The President returns today after signing eight agreements with China, one of which is where two Chinese companies will jointly develop the Hambantota Port. This is where sacked Minister of Ports and Aviation Mangala Samaraweera made an allegation claiming that the President's brother and one another close relative of his family, were involved in canvassing. He has also asked that a Select Committee go into his other allegation that Rajapaksa's Camp entered into a secret deal with the LTTE prior to the 2005 Presidential elections to win their support for Rajapaksa.

In a tv appearance, the President tried to pooh-pooh this theory, but clearly fell short of convincing the public that the allegations lacked any basis. The Opposition United National Party is still discussing internally how to react to this glaring split within the Government camp; their inability to get a move on, and strike when the iron is hot, leaving the Government with not too much to worry about.

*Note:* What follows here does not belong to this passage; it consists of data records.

(* The segment from x to y crosses span F inside K, hence inside F, and the
   face property would put x in F. *)
Lemma cone_not_both_sides x y : K x -> K y -> 0 < dot x a -> dot y a < 0 -> False.
Proof.
move=> Kx Ky xa ya.
set s := - dot y a / (dot x a - dot y a).
have s01 : 0 < s < 1 by apply/andP; split; rewrite /s ?ltr_pdivrMr ?divr_gt0; lra.
have Kz : K (s *: x + (1 - s) *: y) by case/andP: s01 => *; apply: cK.2 => //; lra.
have Fz : F (s *: x + (1 - s) *: y).
  apply: cone_span_face => //; apply/spanF.
  by rewrite dotDl !dotZl /s; field; lra.
have [Fx _] := fF.2.2.2.2 _ _ _ Kx Ky s01 Fz.
by have := (spanF x).1 (lin_span_face Fx); lra.
Qed.

Lemma cone_halfspace :
  (forall x, K x -> 0 <= dot x a) \/ (forall x, K x -> dot x a <= 0).
Proof.
case: (pselect (forall x, K x -> 0 <= dot x a)) => [|/existsNP[y]]; first by left.
move=> /not_implyP[Ky /negP]; rewrite -ltNge => ya.
right=> x Kx; rewrite leNgt; apply/negP => xa.
exact: (cone_not_both_sides Kx Ky).
Qed.

Section Supporting.
Variable e : 'rV[R]_n.
Hypotheses (a_ge0 : forall x, K x -> 0 <= dot x a) (ea : dot e a = 1).
Hypothesis amen : amenable_face K F.

Lemma amenable_near_face : exists2 c, 0 < c &
  forall x, K x -> exists2 f, F f & enorm (x - dot x a *: e - f) <= c * dot x a.
Proof.
have Bbd : ebounded [set x *m oblique_proj a e | x in [set x | enorm x <= 1]].
  by apply: ebounded_mulmx; exists 1.
have [kap [kap0 hkap]] := amen.2 _ Bbd.
(* The + 1 makes the bound strict, leaving room for an almost nearest point. *)
set c := kap * enorm e + 1.
have c0 : 0 < c by have := enorm_ge0 e; rewrite /c; nra.
have near_ball y : K y -> enorm y <= 1 ->
    exists2 f, F f & enorm (y - dot y a *: e - f) <= c * dot y a.
  move=> Ky y1; set t := dot y a; set w := y - t *: e.
  have := a_ge0 Ky; rewrite -/t le_eqVlt => /predU1P[t0|tpos].
    exists y; first by apply: cone_span_face => //; apply/spanF.
    by rewrite /w -t0 scale0r subr0 subrr enorm0 mulr0.
  have wspan : lin_span F w by apply/spanF; rewrite dotBl dotZl ea mulr1 subrr.
  have Bw : [set x *m oblique_proj a e | x in [set x | enorm x <= 1]] w.
    by exists y; rewrite // mul_oblique_proj.
  have distK : Defs.edist w K <= t * enorm e.
    apply: le_trans (edist_le w Ky) _.
    by rewrite /w addrAC subrr add0r enormN enormZ (ger0_norm (ltW tpos)).
  have distF : Defs.edist w F < c * t.
    apply: le_lt_trans (hkap w wspan Bw) _.
    apply: le_lt_trans (ler_wpM2l (ltW kap0) distK) _.
    by rewrite /c mulrDl mul1r ltr_pwDr // -mulrA [enorm e * t]mulrC.
  have [f Ff wf] := edist_lt fF.1 distF.
  by exists f; last exact: ltW.
exists c => // x Kx; set s := enorm x + 1.
have s0 : 0 < s by rewrite /s ltr_wpDl ?enorm_ge0.
have Ks : K (s^-1 *: x) by apply: cone_scale => //; rewrite invr_ge0 ltW.
have s1 : enorm (s^-1 *: x) <= 1.
  by rewrite enormZ ger0_norm ?invr_ge0 ?(ltW s0) // ler_pdivrMl // mulr1 lerDl.
have [f Ff xf] := near_ball _ Ks s1.
exists (s *: f); first by apply: face_scale => //; exact: ltW.
have -> : x - dot x a *: e - s *: f = s *: (s^-1 *: x - dot (s^-1 *: x) a *: e - f).
  by rewrite dotZl; apply/rowP => j; rewrite !mxE; field; rewrite gt_eqF.
rewrite enormZ ger0_norm ?(ltW s0) //; apply: le_trans (ler_wpM2l (ltW s0) xf) _.
by rewrite dotZl mulrCA mulVKf ?gt_eqF.
Qed.
(* Let $q$ be a prime power and $m$ a positive integer such that $q>2m+1$ and $q\not\equiv 0,1 \pmod{2i+1}$ for every $i\in\{1,\ldots,m\}$. Then $M(q-m,\,q-2m-1)\ge q(q-1)$.
   Context: For positive integers $n,d$, $M(n,d)$ denotes the maximum size of a permutation array on $n$ symbols (a non-empty subset of the symmetric group $S_n$) with Hamming distance $d$, i.e. in which any two distinct permutations differ in at least $d$ positions; the Hamming distance of $\sigma,\tau\in S_n$ is $|\{x:\sigma(x)\neq\tau(x)\}|$. *)

From mathcomp Require Import all_boot all_fingroup.
Set Implicit Arguments. Unset Strict Implicit. Unset Printing Implicit Defensive.

Definition hamming (n : nat) (s t : {perm 'I_n}) : nat := #|[set x | s x != t x]|.

Definition perm_array (n d : nat) (A : {set {perm 'I_n}}) : bool :=
  (A != set0) && [forall s in A, forall t in A, (s != t) ==> (d <= hamming s t)].

Definition M (n d : nat) : nat :=
  \max_(A : {set {perm 'I_n}} | perm_array d A) #|A|.

Definition prime_power (q : nat) : Prop :=
  exists p k, prime p /\ 0 < k /\ q = p ^ k.

From mathcomp Require Import all_boot all_fingroup all_algebra.
From mathcomp Require Import cyclic finfield zify ring.
Set Implicit Arguments. Unset Strict Implicit. Unset Printing Implicit Defensive.
Import GRing.Theory FinRing.Theory.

Instead, the Government is concentrating on neutralizing the Samaraweera factor, which is becoming a little more than a thorn in the flesh. Samaraweera's political side-kick, Sripathy Sooriyarachchi is also being targeted along with Samaraweera's personal buddy, millionaire businessman Tiran Alles.

CID detectives are probing both these men, Sooriyarachchi and Alles. While investigations have begun into a house owned in London, and a Land Rover that was issued to Sripathi Sooriyaratchchi going missing, the probe on Alles revolves around his mobile phone business deals with the LTTE. Sooriyarachchi is reported to have claimed that the vehicle is still in the garage undergoing repairs, but the inquiries relate to whether the house gifted to him in London was properly declared to relevant authorities, and how genuine his claim is.

The Alles inquiry has now proceeded to Court, but political moves are still afoot among certain quarters close to the President to strike a deal with the Samaraweera faction, and sweep all the allegations under the carpet.